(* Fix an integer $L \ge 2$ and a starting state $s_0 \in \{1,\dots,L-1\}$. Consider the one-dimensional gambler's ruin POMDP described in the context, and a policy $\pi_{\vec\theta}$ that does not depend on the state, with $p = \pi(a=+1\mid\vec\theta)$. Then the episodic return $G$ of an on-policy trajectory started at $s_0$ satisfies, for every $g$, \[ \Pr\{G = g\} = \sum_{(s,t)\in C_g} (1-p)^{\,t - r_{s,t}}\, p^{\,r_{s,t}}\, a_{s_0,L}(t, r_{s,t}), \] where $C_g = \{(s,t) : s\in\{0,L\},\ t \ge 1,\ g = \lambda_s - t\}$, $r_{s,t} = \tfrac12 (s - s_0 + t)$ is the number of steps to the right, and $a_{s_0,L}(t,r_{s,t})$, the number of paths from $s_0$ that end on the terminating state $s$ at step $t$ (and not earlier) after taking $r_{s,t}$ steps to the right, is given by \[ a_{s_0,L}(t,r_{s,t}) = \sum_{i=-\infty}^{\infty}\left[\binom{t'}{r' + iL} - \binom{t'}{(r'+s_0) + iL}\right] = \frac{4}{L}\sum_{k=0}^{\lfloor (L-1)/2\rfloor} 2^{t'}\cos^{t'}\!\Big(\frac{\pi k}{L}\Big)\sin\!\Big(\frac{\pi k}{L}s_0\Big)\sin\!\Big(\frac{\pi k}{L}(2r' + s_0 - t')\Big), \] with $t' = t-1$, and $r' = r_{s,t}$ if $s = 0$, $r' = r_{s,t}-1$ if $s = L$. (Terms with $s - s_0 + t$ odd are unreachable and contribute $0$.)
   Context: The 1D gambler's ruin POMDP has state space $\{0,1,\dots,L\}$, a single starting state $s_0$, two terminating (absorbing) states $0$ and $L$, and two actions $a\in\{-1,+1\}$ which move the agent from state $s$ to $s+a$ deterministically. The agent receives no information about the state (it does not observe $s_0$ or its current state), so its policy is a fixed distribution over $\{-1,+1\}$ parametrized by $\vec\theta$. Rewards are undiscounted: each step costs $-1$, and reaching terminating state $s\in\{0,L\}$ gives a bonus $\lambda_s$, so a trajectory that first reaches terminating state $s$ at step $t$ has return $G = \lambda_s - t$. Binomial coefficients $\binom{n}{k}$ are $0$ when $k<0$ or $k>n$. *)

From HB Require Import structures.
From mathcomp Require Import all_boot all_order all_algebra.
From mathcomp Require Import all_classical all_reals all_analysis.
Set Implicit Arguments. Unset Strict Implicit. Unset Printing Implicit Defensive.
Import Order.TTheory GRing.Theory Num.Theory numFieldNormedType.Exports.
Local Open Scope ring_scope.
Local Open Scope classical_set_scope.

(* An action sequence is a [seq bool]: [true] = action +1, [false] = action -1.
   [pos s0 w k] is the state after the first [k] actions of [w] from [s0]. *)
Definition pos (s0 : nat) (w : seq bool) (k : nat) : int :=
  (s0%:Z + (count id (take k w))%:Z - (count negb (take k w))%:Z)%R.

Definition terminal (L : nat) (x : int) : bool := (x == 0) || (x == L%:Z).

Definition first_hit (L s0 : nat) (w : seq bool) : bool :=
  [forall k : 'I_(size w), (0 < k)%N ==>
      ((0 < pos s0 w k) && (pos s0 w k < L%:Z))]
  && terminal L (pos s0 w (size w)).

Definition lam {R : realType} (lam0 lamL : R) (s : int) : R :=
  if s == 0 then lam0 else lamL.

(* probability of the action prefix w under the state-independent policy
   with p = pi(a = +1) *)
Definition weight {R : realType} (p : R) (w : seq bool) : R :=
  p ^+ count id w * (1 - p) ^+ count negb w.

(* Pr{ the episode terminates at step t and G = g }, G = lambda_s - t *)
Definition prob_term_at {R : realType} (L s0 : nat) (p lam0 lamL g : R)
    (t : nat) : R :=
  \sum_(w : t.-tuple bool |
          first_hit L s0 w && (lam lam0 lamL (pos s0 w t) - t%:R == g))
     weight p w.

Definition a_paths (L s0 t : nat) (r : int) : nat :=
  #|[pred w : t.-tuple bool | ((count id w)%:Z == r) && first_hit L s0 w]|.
--
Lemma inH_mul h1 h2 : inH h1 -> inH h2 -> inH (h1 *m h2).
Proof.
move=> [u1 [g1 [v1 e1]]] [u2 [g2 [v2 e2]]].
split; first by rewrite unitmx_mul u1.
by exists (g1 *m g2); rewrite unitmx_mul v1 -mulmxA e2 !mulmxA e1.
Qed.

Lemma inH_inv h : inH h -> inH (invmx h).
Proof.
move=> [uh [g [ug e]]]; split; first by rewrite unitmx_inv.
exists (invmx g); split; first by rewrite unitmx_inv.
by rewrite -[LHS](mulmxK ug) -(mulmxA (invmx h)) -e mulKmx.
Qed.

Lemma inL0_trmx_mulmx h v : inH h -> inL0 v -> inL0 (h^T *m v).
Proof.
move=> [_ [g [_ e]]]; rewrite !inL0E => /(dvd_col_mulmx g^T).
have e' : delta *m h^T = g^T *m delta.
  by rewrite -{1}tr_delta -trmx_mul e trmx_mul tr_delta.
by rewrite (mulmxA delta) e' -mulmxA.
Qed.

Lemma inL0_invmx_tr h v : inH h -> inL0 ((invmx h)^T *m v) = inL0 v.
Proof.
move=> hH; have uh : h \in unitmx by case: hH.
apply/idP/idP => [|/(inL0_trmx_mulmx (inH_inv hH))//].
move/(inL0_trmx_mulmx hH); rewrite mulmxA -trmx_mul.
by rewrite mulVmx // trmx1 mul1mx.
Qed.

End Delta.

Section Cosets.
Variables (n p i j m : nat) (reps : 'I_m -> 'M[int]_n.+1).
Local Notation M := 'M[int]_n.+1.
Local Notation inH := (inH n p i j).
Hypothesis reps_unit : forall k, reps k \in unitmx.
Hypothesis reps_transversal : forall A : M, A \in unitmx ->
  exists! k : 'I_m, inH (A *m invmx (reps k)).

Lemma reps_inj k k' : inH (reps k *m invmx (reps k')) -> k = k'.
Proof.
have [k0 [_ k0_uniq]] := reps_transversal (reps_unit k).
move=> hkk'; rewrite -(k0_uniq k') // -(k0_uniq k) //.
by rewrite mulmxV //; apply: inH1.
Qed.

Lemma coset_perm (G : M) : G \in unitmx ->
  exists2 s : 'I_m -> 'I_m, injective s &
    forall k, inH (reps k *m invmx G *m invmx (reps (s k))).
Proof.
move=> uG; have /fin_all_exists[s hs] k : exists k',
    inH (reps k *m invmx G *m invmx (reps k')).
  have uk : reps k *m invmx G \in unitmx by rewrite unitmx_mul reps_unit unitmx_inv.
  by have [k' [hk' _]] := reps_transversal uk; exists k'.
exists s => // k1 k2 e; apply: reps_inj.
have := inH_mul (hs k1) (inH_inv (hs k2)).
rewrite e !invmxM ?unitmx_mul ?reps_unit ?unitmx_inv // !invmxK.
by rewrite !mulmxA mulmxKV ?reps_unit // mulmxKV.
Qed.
...
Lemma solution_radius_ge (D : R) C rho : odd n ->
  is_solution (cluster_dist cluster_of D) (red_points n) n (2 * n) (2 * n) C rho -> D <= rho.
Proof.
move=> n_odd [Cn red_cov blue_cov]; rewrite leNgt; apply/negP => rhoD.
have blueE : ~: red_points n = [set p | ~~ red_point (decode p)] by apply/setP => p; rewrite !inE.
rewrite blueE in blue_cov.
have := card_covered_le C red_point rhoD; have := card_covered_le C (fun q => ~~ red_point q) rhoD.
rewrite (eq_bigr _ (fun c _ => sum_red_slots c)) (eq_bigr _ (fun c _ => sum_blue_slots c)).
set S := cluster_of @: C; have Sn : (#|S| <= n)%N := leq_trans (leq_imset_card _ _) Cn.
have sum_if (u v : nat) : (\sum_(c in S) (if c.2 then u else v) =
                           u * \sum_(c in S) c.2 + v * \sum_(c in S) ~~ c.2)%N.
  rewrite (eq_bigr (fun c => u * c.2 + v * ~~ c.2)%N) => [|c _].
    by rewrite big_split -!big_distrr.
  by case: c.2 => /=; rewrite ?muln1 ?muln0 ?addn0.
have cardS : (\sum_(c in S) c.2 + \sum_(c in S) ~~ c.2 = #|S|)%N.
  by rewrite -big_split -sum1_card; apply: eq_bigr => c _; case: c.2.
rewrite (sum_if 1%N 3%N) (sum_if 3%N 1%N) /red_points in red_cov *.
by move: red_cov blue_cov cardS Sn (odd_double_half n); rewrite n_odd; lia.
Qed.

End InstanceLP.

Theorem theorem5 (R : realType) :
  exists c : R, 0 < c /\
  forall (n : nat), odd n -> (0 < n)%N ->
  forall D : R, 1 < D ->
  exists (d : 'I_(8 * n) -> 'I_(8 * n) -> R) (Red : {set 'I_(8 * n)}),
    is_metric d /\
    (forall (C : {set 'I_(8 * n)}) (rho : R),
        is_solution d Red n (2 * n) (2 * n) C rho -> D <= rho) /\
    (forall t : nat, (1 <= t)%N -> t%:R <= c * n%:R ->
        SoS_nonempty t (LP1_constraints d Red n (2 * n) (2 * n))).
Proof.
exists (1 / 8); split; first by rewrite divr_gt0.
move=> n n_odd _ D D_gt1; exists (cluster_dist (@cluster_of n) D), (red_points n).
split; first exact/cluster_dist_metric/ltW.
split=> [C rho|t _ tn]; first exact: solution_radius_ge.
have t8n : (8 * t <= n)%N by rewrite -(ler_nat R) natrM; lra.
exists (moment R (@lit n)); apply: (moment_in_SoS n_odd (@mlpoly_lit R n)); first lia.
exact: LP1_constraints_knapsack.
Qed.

→ To do:
Working from the material above, restate word for word the lines between the line with "(* An action" and the line with "w (size w)).", both included, and only those.

→ Solved problem:
(* An action sequence is a [seq bool]: [true] = action +1, [false] = action -1.
   [pos s0 w k] is the state after the first [k] actions of [w] from [s0]. *)
Definition pos (s0 : nat) (w : seq bool) (k : nat) : int :=
  (s0%:Z + (count id (take k w))%:Z - (count negb (take k w))%:Z)%R.

Definition terminal (L : nat) (x : int) : bool := (x == 0) || (x == L%:Z).

Definition first_hit (L s0 : nat) (w : seq bool) : bool :=
  [forall k : 'I_(size w), (0 < k)%N ==>
      ((0 < pos s0 w k) && (pos s0 w k < L%:Z))]
  && terminal L (pos s0 w (size w)).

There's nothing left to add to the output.